Lemma product_mix_high (M a b X Y x1 y1 : R) : 0 < M -> 9 * M <= 1 ->
  0 <= a -> 3 * a <= 1 -> 0 <= b -> 3 * b <= 1 -> a * b <= M ->
  0 <= X -> X <= 3 * M -> 1 <= 3 * Y -> 0 <= x1 -> 0 <= y1 ->
  curve M X Y <= 3 * M -> curve M X y1 <= 3 * M -> curve M x1 Y <= 3 * M ->
  ((1 - a) * X + a * x1) * ((1 - b) * Y + b * y1) <= M /\
  (((1 - a) * X + a * x1) * ((1 - b) * Y + b * y1) = M -> below_or_origin X Y x1 y1).
Proof.
move=> hM hM9 ha ha3 hb hb3 hab hX hX3 hY hx1 hy1 hXY hXy1 hB.
have hx13 := curve_le_high hM hM9 hY hx1 hB.
have [hL hLe] := curve_mix hM hM9 ha ha3 hb hb3 hab hX (ltac:(lra) : 0 <= Y) hx1 hy1 hXY hXy1 hB.
move: hB hL hLe; rewrite /curve.
set c := 2 - 9 * M; have hc : c = 2 - 9 * M by []; clearbody c.
set z := _ * X + _; set w := _ * Y + _ => hB hL hLe.
have hc1 : 1 <= c by lra.
have hz : 0 <= z by rewrite /z; apply: addr_ge0; apply: mulr_ge0; lra.
have hw : 0 <= w by rewrite /w; apply: addr_ge0; apply: mulr_ge0; lra.
have hz3 : z <= 3 * M.
  rewrite /z. have : a * x1 <= a * (3 * M) by apply: ler_wpM2l.
  have : (1 - a) * X <= (1 - a) * (3 * M) by apply: ler_wpM2l; lra.
  lra.
have hpz : 0 < 3 * M + c * z by nra.
have hw1 : w * (3 * M + c * z) <= 3 * M * (1 - z) by lra.
have hq : 3 * M * z * (1 - z) <= M * (3 * M + c * z).
  have : 0 <= (1 - 3 * z) * (3 * M - z) by apply: mulr_ge0; lra.
  rewrite hc; nra.
have hzw : (z * w) * (3 * M + c * z) <= 3 * M * z * (1 - z).
  have -> : (z * w) * (3 * M + c * z) = z * (w * (3 * M + c * z)) by ring.
  have : z * (w * (3 * M + c * z)) <= z * (3 * M * (1 - z)) by apply: ler_wpM2l.
  lra.
split.
  have : (z * w) * (3 * M + c * z) <= M * (3 * M + c * z) by lra.
  by rewrite ler_pM2r.
move=> hE; apply: hLe.
have hzp : 0 < z.
  rewrite lt_neqAle hz andbT; apply/eqP => hz0. move: hE; rewrite -hz0 mul0r; lra.
have e1 : z * (w * (3 * M + c * z)) = z * (3 * M * (1 - z)).
  have -> : z * (w * (3 * M + c * z)) = (z * w) * (3 * M + c * z) by ring.
  rewrite hE; apply/eqP; rewrite eq_le; apply/andP; split; first by move: hzw; rewrite hE; lra.
  lra.
have e2 : w * (3 * M + c * z) = 3 * M * (1 - z) by apply: (mulfI (lt0r_neq0 hzp)).
lra.
Qed.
================
Copy the records. Each line should match exactly.

Lemma product_mix_high (M a b X Y x1 y1 : R) : 0 < M -> 9 * M <= 1 ->
  0 <= a -> 3 * a <= 1 -> 0 <= b -> 3 * b <= 1 -> a * b <= M ->
  0 <= X -> X <= 3 * M -> 1 <= 3 * Y -> 0 <= x1 -> 0 <= y1 ->
  curve M X Y <= 3 * M -> curve M X y1 <= 3 * M -> curve M x1 Y <= 3 * M ->
  ((1 - a) * X + a * x1) * ((1 - b) * Y + b * y1) <= M /\
  (((1 - a) * X + a * x1) * ((1 - b) * Y + b * y1) = M -> below_or_origin X Y x1 y1).
Proof.
move=> hM hM9 ha ha3 hb hb3 hab hX hX3 hY hx1 hy1 hXY hXy1 hB.
have hx13 := curve_le_high hM hM9 hY hx1 hB.
have [hL hLe] := curve_mix hM hM9 ha ha3 hb hb3 hab hX (ltac:(lra) : 0 <= Y) hx1 hy1 hXY hXy1 hB.
move: hB hL hLe; rewrite /curve.
set c := 2 - 9 * M; have hc : c = 2 - 9 * M by []; clearbody c.
set z := _ * X + _; set w := _ * Y + _ => hB hL hLe.
have hc1 : 1 <= c by lra.
have hz : 0 <= z by rewrite /z; apply: addr_ge0; apply: mulr_ge0; lra.
have hw : 0 <= w by rewrite /w; apply: addr_ge0; apply: mulr_ge0; lra.
have hz3 : z <= 3 * M.
  rewrite /z. have : a * x1 <= a * (3 * M) by apply: ler_wpM2l.
  have : (1 - a) * X <= (1 - a) * (3 * M) by apply: ler_wpM2l; lra.
  lra.
have hpz : 0 < 3 * M + c * z by nra.
have hw1 : w * (3 * M + c * z) <= 3 * M * (1 - z) by lra.
have hq : 3 * M * z * (1 - z) <= M * (3 * M + c * z).
  have : 0 <= (1 - 3 * z) * (3 * M - z) by apply: mulr_ge0; lra.
  rewrite hc; nra.
have hzw : (z * w) * (3 * M + c * z) <= 3 * M * z * (1 - z).
  have -> : (z * w) * (3 * M + c * z) = z * (w * (3 * M + c * z)) by ring.
  have : z * (w * (3 * M + c * z)) <= z * (3 * M * (1 - z)) by apply: ler_wpM2l.
  lra.
split.
  have : (z * w) * (3 * M + c * z) <= M * (3 * M + c * z) by lra.
  by rewrite ler_pM2r.
move=> hE; apply: hLe.
have hzp : 0 < z.
  rewrite lt_neqAle hz andbT; apply/eqP => hz0. move: hE; rewrite -hz0 mul0r; lra.
have e1 : z * (w * (3 * M + c * z)) = z * (3 * M * (1 - z)).
  have -> : z * (w * (3 * M + c * z)) = (z * w) * (3 * M + c * z) by ring.
  rewrite hE; apply/eqP; rewrite eq_le; apply/andP; split; first by move: hzw; rewrite hE; lra.
  lra.
have e2 : w * (3 * M + c * z) = 3 * M * (1 - z) by apply: (mulfI (lt0r_neq0 hzp)).
lra.
Qed.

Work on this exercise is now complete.